The Allied strategy was to invade Turkey, capture Constantinople (Istanbul) and knock the Ottomans out of the war, allowing Allied ships to pass through the Dardanelles.

At dawn on April 25, British and Australian and New Zealand troops landed at two points on the Gallipoli peninsula. Both landings were quickly contained by Ottoman troops and trench warfare mirroring that on the Western Front saw casualties mount in the summer heat.

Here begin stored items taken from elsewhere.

(* Let $(R_1,d_1)$, $(R_2,d_2)$ be finitely generated fusion algebras and $(R,d)$ their product fusion algebra. Then $\omega(R,d)=\max(\omega(R_1,d_1),\omega(R_2,d_2))$.
   Context: A fusion algebra $(R,d)$ consists of a set $I$ with distinguished $e$ and involution $\alpha\mapsto\bar\alpha$, a unital ring structure on $R=\mathbb{Z}[I]$ with unit $e$ and $\xi\eta=\sum_\alpha N^\alpha_{\xi,\eta}\alpha$, $N^\alpha_{\xi,\eta}\in\mathbb{Z}_{\ge0}$ finitely many nonzero, the involution extending to a $\mathbb{Z}$-linear antimultiplicative involution, Frobenius reciprocity $N^\alpha_{\xi,\eta}=N^\xi_{\alpha,\bar\eta}=N^\eta_{\bar\xi,\alpha}$, and $\mathbb{Z}$-linear multiplicative $d:R\to\mathbb{R}$ with $d(\bar\alpha)=d(\alpha)\ge1$ on $I$. $|A|=\sum_{\alpha\in A}d(\alpha)^2$. A finite generating set is a finite $X\subseteq I$, $\bar X=X$, such that every $\alpha\in I$ has nonzero coefficient in some $x_1\cdots x_n$, $x_i\in X$; finitely generated means such $X$ exists. $\ell_X(e)=0$, otherwise $\ell_X(\alpha)$ is the least such $n\ge1$; $B_X(n)=\{\alpha:\ell_X(\alpha)\le n\}$; $\omega_X=\lim_n|B_X(n)|^{1/n}$ (exists), $\omega=\inf_X\omega_X$ over finite generating sets. The product fusion algebra of $(R_i,d_i)$ with irreducibles $I_i$ is $R=R_1\otimes_{\mathbb{Z}}R_2$ with irreducibles $I=I_1\times I_2$ (elements written $\alpha\boxtimes\beta$), unit $e_1\boxtimes e_2$, involution $\overline{\alpha\boxtimes\beta}=\bar\alpha\boxtimes\bar\beta$, structure constants $N^{\alpha\boxtimes\alpha'}_{\xi\boxtimes\xi',\eta\boxtimes\eta'}=N^\alpha_{\xi,\eta}N^{\alpha'}_{\xi',\eta'}$ and dimension $d(\alpha\boxtimes\beta)=d_1(\alpha)d_2(\beta)$. *)

From HB Require Import structures.
From mathcomp Require Import all_boot all_order all_algebra.
From mathcomp Require Import all_classical all_reals all_analysis.
From mathcomp Require Import Rstruct.
Set Implicit Arguments. Unset Strict Implicit. Unset Printing Implicit Defensive.
Import Order.TTheory GRing.Theory Num.Theory.
Local Open Scope classical_set_scope.
Local Open Scope ring_scope.

(** Raw data of a fusion algebra (R = Z[I], d).  [fa_N a x y] is the structure
    constant N^a_{x,y}, i.e. x*y = sum_a N^a_{x,y} a. *)
Record fusion_data := FusionData {
  fa_I : choiceType;
  fa_e : fa_I;
  fa_bar : fa_I -> fa_I;
  fa_N : fa_I -> fa_I -> fa_I -> nat;
  fa_d : fa_I -> Rdefinitions.R;
}.

Section FusionDefs.
Variable A : fusion_data.
Local Notation I := (fa_I A).
Local Notation e := (@fa_e A).
Local Notation bar := (@fa_bar A).
Local Notation N := (@fa_N A).
Local Notation d := (@fa_d A).

Definition nsum (F : I -> nat) : nat := (\sum_(b \in [set: I]) F b)%R.

Definition is_fusion_algebra : Prop :=
  (forall a, bar (bar a) = a) /\
  (forall x y, finite_set [set a | N a x y != 0%N]) /\
  (forall x a, N a e x = (a == x) :> nat /\ N a x e = (a == x) :> nat) /\
  (* associativity of the multiplication on Z[I]: (xy)z = x(yz) *)
  (forall x y z a,
      nsum (fun b => N b x y * N a b z)%N = nsum (fun b => N b y z * N a x b)%N) /\
  (* the involution extends to an antimultiplicative map: bar(xy) = bar y bar x *)
  (forall a x y, N (bar a) (bar y) (bar x) = N a x y) /\
  (forall a x y, N a x y = N x a (bar y) /\ N a x y = N y (bar x) a) /\
  (* d is (the restriction to I of) a Z-linear multiplicative map *)
  (forall x y, d x * d y = \sum_(a \in [set: I]) (N a x y)%:R * d a) /\
  (forall a, d (bar a) = d a) /\
  (forall a, 1 <= d a).

(** Coefficient of a in the product x_1 * (x_2 * ( ... * x_n)) (empty product = e). *)
Fixpoint prod_coef (xs : seq I) (a : I) : nat :=
  match xs with
  | [::] => (a == e)
  | x :: xs' => nsum (fun b => N a x b * prod_coef xs' b)%N
  end.

Definition is_gen_set (X : set I) : Prop :=
  [/\ finite_set X, bar @` X = X &
      forall a, exists xs : seq I,
        [/\ (0 < size xs)%N, (forall x, x \in xs -> X x) & prod_coef xs a != 0%N]].

Definition finitely_generated : Prop := exists X, is_gen_set X.

(** Ball B_X(n) = {a | l_X(a) <= n}, with l_X(e) = 0. *)
Definition ball (X : set I) (n : nat) : set I :=
  [set a | a = e \/ exists xs : seq I,
     [/\ (0 < size xs <= n)%N, (forall x, x \in xs -> X x) & prod_coef xs a != 0%N]].

Definition dmass (S : set I) : Rdefinitions.R := \sum_(a \in S) d a ^+ 2.

Definition omega_X (X : set I) : Rdefinitions.R :=
  limn (fun n : nat => powR (dmass (ball X n)) (n%:R)^-1).

Definition omega : Rdefinitions.R := inf [set omega_X X | X in is_gen_set].

End FusionDefs.

Definition product_fusion (A1 A2 : fusion_data) : fusion_data :=
  @FusionData (fa_I A1 * fa_I A2)%type
    (@fa_e A1, @fa_e A2)
    (fun p => (@fa_bar A1 p.1, @fa_bar A2 p.2))
    (fun a x y => (@fa_N A1 a.1 x.1 y.1 * @fa_N A2 a.2 x.2 y.2)%N)
    (fun p => @fa_d A1 p.1 * @fa_d A2 p.2).

(* For a finite generating set X, the masses b_X(n) = |B_X(n)| of the balls are
   submultiplicative, because the support of a product is associative; by Fekete's lemma
   omega_X = lim b_X(n)^(1/n) is then the infimum of the b_X(n)^(1/n).
   The coordinate projections of the product map balls onto balls without increasing
   dimensions, so omega_X >= omega(R_i) for every generating set X of the product.
   Conversely, X = X_1 x {e} u {e} x X_2 generates the product, and a word in X of length n
   splits into words in X_1 and X_2 of lengths k and n - k, so that
   b_X(n) <= sum_k b_{X_1}(k) b_{X_2}(n - k) <= (n + 1) C g^n for every g larger than
   omega_{X_1} and omega_{X_2}; hence omega_X <= max(omega_{X_1}, omega_{X_2}). *)

From Pilot Require Import Defs.
From HB Require Import structures.
From mathcomp Require Import all_boot all_order all_algebra.
From mathcomp Require Import all_classical all_reals all_analysis.
From mathcomp Require Import Rstruct.
From mathcomp Require Import lra.
Import Order.TTheory GRing.Theory Num.Theory.
Set Implicit Arguments. Unset Strict Implicit. Unset Printing Implicit Defensive.
Local Open Scope classical_set_scope.
Local Open Scope ring_scope.

(** * Growth rates of real sequences *)

Section GrowthRate.
Variable R : realType.
Implicit Types (b : nat -> R) (c g h : R).

Definition growth_rate b : R := inf [set b n `^ n%:R^-1 | n in [set n | (0 < n)%N]].

Lemma growth_rate_le b n : (0 < n)%N -> growth_rate b <= b n `^ n%:R^-1.
Proof. by move=> n0; apply: ge_inf; [exists 0 => _ [m _ <-]; apply: powR_ge0|exists n]. Qed.

Lemma growth_rate_ge0 b : 0 <= growth_rate b.
Proof. by apply: lb_le_inf => [|_ [n _ <-]]; [exists (b 1%N `^ 1%:R^-1), 1%N|apply: powR_ge0]. Qed.

Lemma growth_rate_lt b h : growth_rate b < h -> exists2 n, (0 < n)%N & b n `^ n%:R^-1 < h.
Proof.
move=> bh; have [|_ [n n0 <-] ?] := inf_lt _ bh; first by exists (b 1%N `^ 1%:R^-1), 1%N.
by exists n.
Qed.

Lemma growth_rate_le_near b h :
  (\forall n \near \oo, b n `^ n%:R^-1 <= h) -> growth_rate b <= h.
Proof. by case=> N _ bh; apply: le_trans (growth_rate_le b (ltn0Sn N)) (bh _ (leqnSn N)). Qed.

Lemma le_growth_rate b b' : (forall n, 0 <= b n <= b' n) -> growth_rate b <= growth_rate b'.
Proof.
move=> bb'; apply: lb_le_inf => [|_ [n n0 <-]]; first by exists (b' 1%N `^ 1%:R^-1), 1%N.
have /andP[b0 le_bb'] := bb' n.
apply: le_trans (growth_rate_le b n0) _.
by apply: ge0_ler_powR; rewrite ?nnegrE ?invr_ge0// (le_trans b0).
Qed.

Gallipoli became a defining moment in the history of the Anzacs, revealing characteristics that both countries came to use to define their soldiers: endurance, determination, initiative and camaraderie.

On the European front line, there was a new development. Though all sides had signed the Hague Convention, which prohibited the use of chemical weapons, the first use of them was against the French at Ypres in April 1915.

The Germans released chlorine gas into the French trenches. The green-yellow cloud killed many and caused others to flee in panic, creating an undefended four-mile gap in the Allied line. The Germans were unprepared for the level of their success and lacked resources to exploit the opening.

Gas masks were introduced in response and the British retaliated by developing their own chlorine gas and using it at the Battle of Loos in September 1915, though winds led to more British casualties from the gas than German.

French, British and German forces all escalated the use of gas attacks through the rest of the war, developing the more deadly phosgene gas, then the infamous mustard gas in 1917, which could linger for days and could kill slowly and painfully.

It was also the war that saw specialised combat aeroplanes introduced. On April 1 the French pilot Roland Garros – after whom the venue for the French Open tennis championships is named – became the first pilot to shoot down an enemy aircraft by using a machine-gun that shot forward through the propeller blades, though many bullets were deflected.

Several weeks later Garros force-landed behind German lines. His plane was sent to Dutch engineer Anthony Fokker, who soon produced a significant improvement in which the machine gun was synchronised with the propeller so it fired in the intervals when the blades were out of the line of fire.

This advance was ushered into service in the Fokker E.1. as both sides sought dominance of the air. It produced the cult of the flying ace, the most famous being Manfred von Richtofen – The Red Baron.

For the ordinary “Tommy” and his soldiers on both sides, though, there was no such glamour in the trenches; and as the war reached the end of 1915, there was much more suffering to come.